(REQUIREMENT) Return, exactly, the line that contains "ltac:(measurability) ltac:(measurability)); cbv" together with all lines after it to the end of the entries, and no further lines.

BEGIN EXERCISE MATERIALS

Lemma prob_initial_state (j : nat) : P (fun w => Q O w = j) = p0 j.
Proof.
  rewrite <- (Rmult_1_r (p0 j)), <- (pow_O (p j j)), <- prob_constant_path; f_equal.
  apply event_ext; intro w; split; [intros H k Hk; replace k with O by lia; auto|intros H; apply H; lia].
Qed.

Lemma initial_law_factor (j : nat) : (1 <= j)%nat -> p0 j = survival (j - 1) * hit j.
Proof.
  intros Hj; assert (H := prob_jump_prefix 0 (fun _ => j) Hj); simpl in H.
  rewrite prod_list_seq in H; unfold prod_list in H; simpl in H.
  replace (jump_prefix Q 0 (fun _ => j)) with (fun w => Q O w = j) in H.
  - rewrite prob_initial_state in H; rewrite H; unfold survival, hit; ring.
  - apply event_ext; intro w; rewrite jump_prefix_0_iff; tauto.
Qed.

Lemma survival_succ (n : nat) : survival (S n) = survival n - p0 (S n).
Proof.
  rewrite (initial_law_factor (S n)) by lia; replace (S n - 1)%nat with n by lia.
  unfold survival at 1; simpl; fold (survival n); ring.
Qed.

Lemma sum_p0_survival (N : nat) : sum_f_R0 p0 N = 1 - survival N.
Proof.
  induction N; simpl; [rewrite (proj1 Hp0); unfold survival; simpl; ring|].
  rewrite IHN, survival_succ; ring.
Qed.

Lemma survival_cv0 : Un_cv survival 0.
Proof.
  intros eps Heps; destruct (proj2 (proj2 Hp0) eps Heps) as [N HN]; exists N; intros n Hn.
  specialize (HN n Hn); rewrite sum_p0_survival in HN; unfold Rdist in *.
  replace (survival n - 0) with (- (1 - survival n - 1)) by ring; rewrite Rabs_Ropp; auto.
Qed.

Lemma survival_nonneg (n : nat) : 0 <= survival n.
Proof.
  induction n; unfold survival; simpl; [lra|fold (survival n)].
  pose proof (hit_bounds (S n)); nra.
Qed.

Lemma survival_antitone (n m : nat) : (n <= m)%nat -> survival m <= survival n.
Proof.
  induction 1; [lra|unfold survival at 1; simpl; fold (survival m)].
  pose proof (hit_bounds (S m)); pose proof (survival_nonneg m); nra.
Qed.

Lemma survival_pos (n : nat) : 0 < survival n.
Proof.
  destruct (Rle_lt_dec (survival n) 0) as [Hle|]; auto; exfalso.
  destruct (Hinf (S n)) as [j [Hj Hpj]]; rewrite initial_law_factor in Hpj by lia.
  assert (survival (j - 1) = 0).
  { pose proof (survival_antitone n (j - 1) ltac:(lia)); pose proof (survival_nonneg (j - 1)); lra. }
  rewrite H in Hpj; lra.
Qed.

Lemma tail_sum_survival (j : nat) : (1 <= j)%nat -> tail_sum p0 j (survival (j - 1)).
Proof.
  intros Hj; unfold tail_sum.
  assert (Hpartial : forall N, sum_f_R0 (fun n => p0 (j + n)%nat) N = survival (j - 1) - survival (j + N)).
  { induction N; simpl.
    - rewrite Nat.add_0_r; assert (E := survival_succ (j - 1)); replace (S (j - 1)) with j in E by lia; lra.
    - rewrite IHN, (Nat.add_succ_r j N), survival_succ; ring. }
  intros eps Heps; destruct (survival_cv0 eps Heps) as [N HN]; exists N; intros n Hn.
  rewrite Hpartial; unfold Rdist in *; specialize (HN (j + n)%nat ltac:(lia)).
  replace (survival (j - 1) - survival (j + n) - survival (j - 1)) with (- (survival (j + n) - 0)) by ring.
  rewrite Rabs_Ropp; auto.
Qed.

Lemma tail_sum_eq_survival (j : nat) (T : R) : (1 <= j)%nat -> tail_sum p0 j T -> T = survival (j - 1).
Proof. intros Hj HT; apply (uniqueness_sum _ _ _ HT), tail_sum_survival; auto. Qed.

Lemma hit_lt_1 (j : nat) : (1 <= j)%nat -> hit j < 1.
Proof.
  intros Hj; assert (H := survival_pos j); unfold survival in H.
  replace j with (S (j - 1)) in H at 1 by lia; simpl in H; fold (survival (j - 1)) in H.
  replace (S (j - 1)) with j in H by lia.
  pose proof (survival_pos (j - 1)); destruct (Rlt_le_dec (hit j) 1); auto; nra.
Qed.

Lemma hit_eq_ratio (j : nat) : (1 <= j)%nat -> hit j = p0 j / survival (j - 1).
Proof. intros Hj; rewrite initial_law_factor by auto; field; apply Rgt_not_eq, survival_pos. Qed.

Lemma p0_pos (j : nat) : (1 <= j)%nat -> 0 < p0 j.
Proof.
  intros Hj; rewrite initial_law_factor by auto.
  pose proof (survival_pos (j - 1)); pose proof (hit_pos j Hj); nra.
Qed.

Lemma stay_le_1 (i : nat) : (1 <= i)%nat -> p i i <= 1.
Proof.
  intros Hi.
  assert (H : P (fun w => Q O w = i /\ Q 1%nat w = i) <= P (fun w => Q O w = i))
    by (apply prob_le; try measurability; tauto).
  rewrite prob_step, prob_initial_state in H; pose proof (p0_pos i Hi); nra.
Qed.

(* If [p i i = 1], the chain started at [i] a.s. never leaves [i]: leaving after exactly
   [n] steps has probability [p0 i - p0 i = 0]. *)
Lemma prob_stay_forever (i : nat) : p i i = 1 -> P (fun w => forall k, Q k w = i) = p0 i.
Proof.
  intros Hii; set (Stay w := forall k, Q k w = i).
  set (Stay_upto n w := forall k, (k <= n)%nat -> Q k w = i).
  assert (HStay_upto : forall n, P (Stay_upto n) = p0 i)
    by (intro n; unfold Stay_upto; rewrite prob_constant_path, Hii, pow1; ring).
  assert (Hleave : P (fun w => Q O w = i /\ ~ Stay w) = 0).
  { apply (prob_null_sub _ (fun w => exists n, Stay_upto n w /\ ~ Q (S n) w = i));
      unfold Stay_upto, Stay; try measurability.
    - intros w [H0 H1]; apply not_all_ex_not in H1; destruct H1 as [k Hk].
      destruct (exists_least (fun k => Q k w <> i) k Hk) as [[|k'] [Hk1 Hk2]]; [contradiction|].
      exists k'; split; auto; intros s Hs; apply NNPP; intro; apply (Hk2 s); auto; lia.
    - apply prob_ex_null; [intro n; measurability|intro n].
      assert (Hs := prob_split (Stay_upto n) (fun w => Q (S n) w = i) ltac:(unfold Stay_upto; measurability)
                               ltac:(measurability)); cbv beta in Hs.
      replace (fun w => Stay_upto n w /\ Q (S n) w = i) with (Stay_upto (S n)) in Hs.
      + rewrite !HStay_upto in Hs; unfold Stay_upto in Hs; lra.
      + apply event_ext; intro w; unfold Stay_upto; split.
        * intros H; split; intros; apply H; lia.
        * intros [H1 H2] k Hk; destruct (Nat.eq_dec k (S n)) as [->|]; auto; apply H1; lia. }
  rewrite <- prob_initial_state, (prob_split (fun w => Q O w = i) Stay)
    by (unfold Stay; measurability); cbv beta.
  rewrite Hleave, Rplus_0_r; f_equal.
  apply event_ext; intro w; unfold Stay; split; [intros H; split; auto|tauto].
Qed.

Lemma stay_lt_1 (i : nat) : (1 <= i)%nat -> p i i < 1.
Proof.
  intros Hi; destruct (Rle_lt_or_eq_dec _ _ (stay_le_1 i Hi)) as [|Hii]; auto; exfalso.
  assert (Hunion : P (fun w => G_finite Q i w \/ forall k, Q k w = i) = 1 + p0 i).
  { rewrite prob_or_disjoint, Hfin, prob_stay_forever; auto; try (apply meas_G_finite || measurability).
    intros w Hw; apply (G_finite_not_constant Q w i Hw). }
  assert (Hle := prob_le_1 (fun w => G_finite Q i w \/ forall k, Q k w = i)
                  ltac:(apply meas_or; [apply meas_G_finite|measurability])).
  pose proof (p0_pos i Hi); lra.
Qed.

(* The jump from [i] to [j] happens after a geometric holding time in [i]. *)
Lemma prob_jump_once (i j : nat) : (1 <= i)%nat -> (i < j)%nat ->
  P (jump_prefix Q 1 (fun k => if Nat.eqb k 0 then i else j)) = p0 i * p i j / (1 - p i i).
Proof.
  intros Hi Hij; set (x k := if Nat.eqb k 0 then i else j).
  set (hold m w := forall k, (k <= S m)%nat -> Q k w = if Nat.leb k m then i else j).
  assert (Hev : jump_prefix Q 1 x = fun w => exists m, hold m w).
  { apply event_ext; intro w; unfold hold; split.
    - intros [t [Ht0 [Ht Ht1]]]; destruct (Ht 0%nat ltac:(lia)) as [Hlt [_ Hc]]; rewrite Ht0 in Hlt, Hc.
      exists (t 1%nat - 1)%nat; intros k Hk; destruct (Nat.leb_spec k (t 1%nat - 1)).
      + apply Hc; lia.
      + replace k with (t 1%nat) by lia; auto.
    - intros [m Hm]; exists (fun k => if Nat.eqb k 0 then 0%nat else S m); split; [reflexivity|split].
      + intros k Hk; replace k with 0%nat by lia; simpl; unfold x; simpl; repeat split; try lia.
        intros s Hs; specialize (Hm s ltac:(lia)); destruct (Nat.leb_spec s m); auto; lia.
      + simpl; unfold x; simpl; specialize (Hm (S m) ltac:(lia)).
        destruct (Nat.leb_spec (S m) m); auto; lia. }
  assert (Hsum : infinite_sum (fun m => P (hold m)) (P (jump_prefix Q 1 x))).
  { rewrite Hev; apply (ps_sigma_add _ _ _ HP); [intro m; unfold hold; measurability|].
    intros m1 m2 w Hne H1 H2; unfold hold in *.
    destruct (Nat.lt_gt_cases m1 m2) as [[Hl|Hl] _]; auto;
      [specialize (H1 (S m1) ltac:(lia)); specialize (H2 (S m1) ltac:(lia))
      |specialize (H1 (S m2) ltac:(lia)); specialize (H2 (S m2) ltac:(lia))];
      repeat match goal with _ : context [Nat.leb ?a ?b] |- _ => destruct (Nat.leb_spec a b) end; lia. }
  assert (Hterm : forall m, P (hold m) = p0 i * p i j * p i i ^ m).
  { intro m; unfold hold; rewrite (proj2 HQ); unfold path_prob; cbn [prod_upto].
    rewrite (prod_upto_ext _ (fun _ => p i i)), prod_upto_const, Nat.leb_refl.
    - replace (0 <=? m)%nat with true by (symmetry; apply Nat.leb_le; lia).
      replace (S m <=? m)%nat with false by (symmetry; apply Nat.leb_gt; lia); ring.
    - intros k Hk; destruct (Nat.leb_spec k m), (Nat.leb_spec (S k) m); auto; lia. }
  assert (Hii := stay_lt_1 i Hi); assert (Hii0 := proj1 (proj2 (Hp i Hi)) i).
  apply (uniqueness_sum _ _ _ Hsum).
  replace (p0 i * p i j / (1 - p i i)) with (/ (1 - p i i) * (p0 i * p i j)) by (field; lra).
  apply (infinite_sum_ext (fun m => 1 * p i i ^ m * (p0 i * p i j))); [intro m; rewrite Hterm; ring|].
  apply infinite_sum_scal_r, GP_infinite; rewrite Rabs_right; lra.
Qed.

Lemma jump_kernel_hit_form (i j : nat) : (1 <= i)%nat -> (i < j)%nat ->
  p i j = (1 - p i i) * hit j * prod_upto (fun n => 1 - hit (S i + n)%nat) (j - S i).
Proof.
  intros Hi Hij.
  assert (H := prob_jump_prefix 1 (fun k => if Nat.eqb k 0 then i else j) ltac:(simpl; lia)).
  rewrite prob_jump_once in H by auto; simpl in H.
  rewrite prod_list_app, !prod_list_seq in H; unfold prod_list in H; simpl in H.
  change (prod_upto (fun k => 1 - hit (S k)) (i - 1)) with (survival (i - 1)) in H.
  rewrite (initial_law_factor i Hi) in H.
  assert (Hs := survival_pos (i - 1)); assert (Hh := hit_pos i Hi); assert (Hii := stay_lt_1 i Hi).
  replace (p i j) with ((1 - p i i) / (survival (i - 1) * hit i) *
                        (survival (i - 1) * hit i * p i j / (1 - p i i)))
    by (field; repeat split; apply Rgt_not_eq; lra).
  change (fun n => 1 - hit (S i + n)%nat) with (fun k => 1 - hit (S (i + k))).
  rewrite H; field; repeat split; apply Rgt_not_eq; lra.
Qed.

Lemma survival_split (i j : nat) : (i < j)%nat ->
  survival (j - 1) = survival i * prod_upto (fun k => 1 - hit (S i + k)%nat) (j - S i).
Proof. intros Hij; replace (j - 1)%nat with (i + (j - S i))%nat by lia; apply prod_upto_add. Qed.

Lemma jump_kernel_tail_form (i j : nat) : (1 <= i)%nat -> (i < j)%nat ->
  p i j = (1 - p i i) * (p0 j / survival i).
Proof.
  intros Hi Hij; rewrite jump_kernel_hit_form, (initial_law_factor j), (survival_split i j) by (auto; lia).
  field; apply Rgt_not_eq, survival_pos.
Qed.

Lemma prob_hold_exactly (j n : nat) :
  P (fun w => (forall k, (k <= n)%nat -> Q k w = j) /\ Q (S n) w <> j) = p0 j * p j j ^ n * (1 - p j j).
Proof.
  assert (Hs := prob_split (fun w => forall k, (k <= n)%nat -> Q k w = j) (fun w => Q (S n) w = j)
                  ltac:(measurability) ltac:(measurability)); cbv beta in Hs.
  replace (fun w => (forall k, (k <= n)%nat -> Q k w = j) /\ Q (S n) w = j)
    with (fun w => forall k, (k <= S n)%nat -> Q k w = j) in Hs.
  - rewrite !prob_constant_path in Hs; simpl in Hs; lra.
  - apply event_ext; intro w; split.
    + intros H; split; intros; apply H; lia.
    + intros [H1 H2] k Hk; destruct (Nat.eq_dec k (S n)) as [->|]; auto; apply H1; lia.
Qed.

END EXERCISE MATERIALS

(ANSWER SPACE)
                  ltac:(measurability) ltac:(measurability)); cbv beta in Hs.
  replace (fun w => (forall k, (k <= n)%nat -> Q k w = j) /\ Q (S n) w = j)
    with (fun w => forall k, (k <= S n)%nat -> Q k w = j) in Hs.
  - rewrite !prob_constant_path in Hs; simpl in Hs; lra.
  - apply event_ext; intro w; split.
    + intros H; split; intros; apply H; lia.
    + intros [H1 H2] k Hk; destruct (Nat.eq_dec k (S n)) as [->|]; auto; apply H1; lia.
Qed.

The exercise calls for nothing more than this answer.